In this paper, a novel bivariate symmetric probability density function (PDF) was proposed that was more suitable for actual images than Gaussian probability density function. The closed expression for the parameter $\gamma$ of the bivariate PDF is derived. Based on the dependence of dual-tree complex wavelet subbands, a new noise reduction algorithm is proposed. The parameter $\theta$ values in this algorithm can not only take integers, but also take any real number greater than 2. Three kinds of images with different texture features were used to test the effectiveness of the proposed algorithm. The experiments show that the parameter $\theta$ values may exist corresponding optimal values for noise removal with different noise levels for images, it is natural to ask which values are best suited for the task. The calculation method of the optimal parameter $\theta$ values for each noise level image are explored. Our results indicate that the algorithm produces denoised images with less ringing artifacts at less computational complexity.
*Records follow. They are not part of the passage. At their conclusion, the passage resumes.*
(* Every norm on R^n is dominated by a multiple of the Euclidean norm:
   expand a in the canonical basis and use the triangle inequality. *)
Lemma norm_le_norm2 : exists C, 0 <= C /\ forall a, N a <= C * norm2 a.
Proof.
have [N_ge0 [_ [homog triangle]]] := normN.
pose e (i : 'I_n) : vec n := fun j => if i == j then 1 else 0.
exists (\big[Rplus/0]_(i < n) N (e i)); split.
  by apply: big_ind => [|s t|i _]; [lra | lra | exact: N_ge0].
move=> a.
have basis_expansion : a = \big[vadd/vzero]_(i < n) vscale (a i) (e i).
  apply: functional_extensionality => j.
  have -> : (\big[vadd/vzero]_(i < n) vscale (a i) (e i)) j
            = \big[Rplus/0]_(i < n) (a i * e i j).
    by apply: (big_rec2 (fun (V : vec n) r => V j = r)) => // i y1 y2 _ <-.
  by rewrite (bigD1 j) //= /e eqxx big1 => [|i /negbTE ->]; ring.
have subadd : N (\big[vadd/vzero]_(i < n) vscale (a i) (e i))
              <= \big[Rplus/0]_(i < n) N (vscale (a i) (e i)).
  apply: (big_rec2 (fun (V : vec n) r => N V <= r)) => [|i y1 y2 _ Hy].
    by rewrite norm_vzero; lra.
  by have := triangle (vscale (a i) (e i)) y1; lra.
rewrite {1}basis_expansion; apply: Rle_trans subadd _.
rewrite Rmult_comm -sumZ; apply: sum_le => i; rewrite homog.
by have := coord_le_norm2 a i; have := N_ge0 (e i); nra.
Qed.

Lemma norm_lipschitz :
  exists C, 0 <= C /\ forall a b, N a <= N b + C * norm2 (vsub a b).
Proof.
have [_ [_ [_ triangle]]] := normN.
have [C [C_ge0 bound]] := norm_le_norm2.
exists C; split => // a b.
have split_a : a = vadd b (vsub a b)
  by apply: functional_extensionality => i; rewrite /vadd /vsub; ring.
rewrite {1}split_a; have := triangle b (vsub a b); have := bound (vsub a b).
lra.
Qed.

End NormComparison.

Section DualBall.
Variables (n : nat) (N Nd : vec n -> R).
Hypothesis dualN : is_dual_norm N Nd.

Lemma dual_norm_ub a y : N a <= 1 -> dot a y <= Nd y.
Proof. by move=> Na; case: (dualN y) => ub _; apply: ub; exists a. Qed.

Lemma dual_ball_vzero : Nd vzero <= 1.
Proof.
case: (dualN vzero) => _ lub.
suff : Nd vzero <= 0 by lra.
by apply: lub => t [a [_ ->]]; rewrite /dot big1 => [|i _]; [lra | rewrite /vzero; ring].
Qed.

Lemma dual_ball_closed y :
  (forall eps, 0 < eps -> exists y', Nd y' <= 1 /\ norm2 (vsub y y') < eps) ->
  Nd y <= 1.
Proof.
move=> approx; case: (dualN y) => _ lub; apply: lub => t [a [Na ->]].
apply: Rle_plus_epsilon => e e_gt0.
have na_ge0 := norm2_ge0 a.
have [y' [y'_in close]] : exists y', Nd y' <= 1 /\ norm2 (vsub y y') < e / (norm2 a + 1).
  by apply: approx; apply: Rdiv_lt_0_compat; lra.
have split_y : dot a y = dot a y' + dot a (vsub y y') by rewrite dot_sub; ring.
have := dual_norm_ub y' Na; have := cauchy_schwarz a (vsub y y').
have := norm2_ge0 (vsub y y').
have : e / (norm2 a + 1) * (norm2 a + 1) = e by field; lra.
nra.
Qed.

End DualBall.

Lemma eventually_lt (s : nat -> R) d :
  Un_cv s 0 -> 0 < d -> exists N, forall k, (N <= k)%nat -> s k < d.
Proof.
move=> cv d_gt0; have [N HN] := cv d d_gt0; exists N => k /leP k_ge.
by move: (HN k k_ge); rewrite /R_dist Rminus_0_r => /Rabs_def2 [].
Qed.

Lemma vanishes_along (f : R -> R -> R) (lamk muk : nat -> R) :
  (forall k, 0 < lamk k /\ 0 < muk k) -> Un_cv lamk 0 -> Un_cv muk 0 ->
  (forall eps, 0 < eps -> exists delta, 0 < delta /\
     forall lam mu, 0 < lam < delta -> 0 < mu < delta -> f lam mu < eps) ->
  forall eps, 0 < eps -> exists N, forall k, (N <= k)%nat -> f (lamk k) (muk k) < eps.
Proof.
move=> pos cvl cvm f_lim eps eps_gt0.
have [d [d_gt0 Hd]] := f_lim eps eps_gt0.
have [N1 H1] := eventually_lt cvl d_gt0; have [N2 H2] := eventually_lt cvm d_gt0.
exists (maxn N1 N2) => k k_ge; have [? ?] := pos k.
by apply: Hd; split => //; [apply: H1 | apply: H2]; apply: leq_trans k_ge;
   [exact: leq_maxl | exact: leq_maxr].
Qed.

Lemma cluster_point_close n (a b : nat -> vec n) p :
  (forall e, 0 < e -> exists N, forall k, (N <= k)%nat -> norm2 (vsub (a k) (b k)) < e) ->
  cluster_point a p -> cluster_point b p.
Proof.
move=> close cl_a eps eps_gt0 N.
have [N1 H1] := close (eps / 2) ltac:(lra).
have [k [k_ge ak_near]] := cl_a (eps / 2) ltac:(lra) (maxn N N1).
exists k; split; first exact: leq_trans (leq_maxl _ _) k_ge.
have := norm2_dist_triangle (b k) (a k) p; rewrite (norm2_sym (b k) (a k)).
by have := H1 k (leq_trans (leq_maxr _ _) k_ge); lra.
Qed.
The experimental results show that considering the statistical dependencies between wavelet coefficients and its other neighbors can significantly improve the noise removal effect. By improving the statistical dependencies method and considering the inter scale and intra scale dependencies of wavelet coefficients [26,27,28,29,30], the work of the paper will be further developed.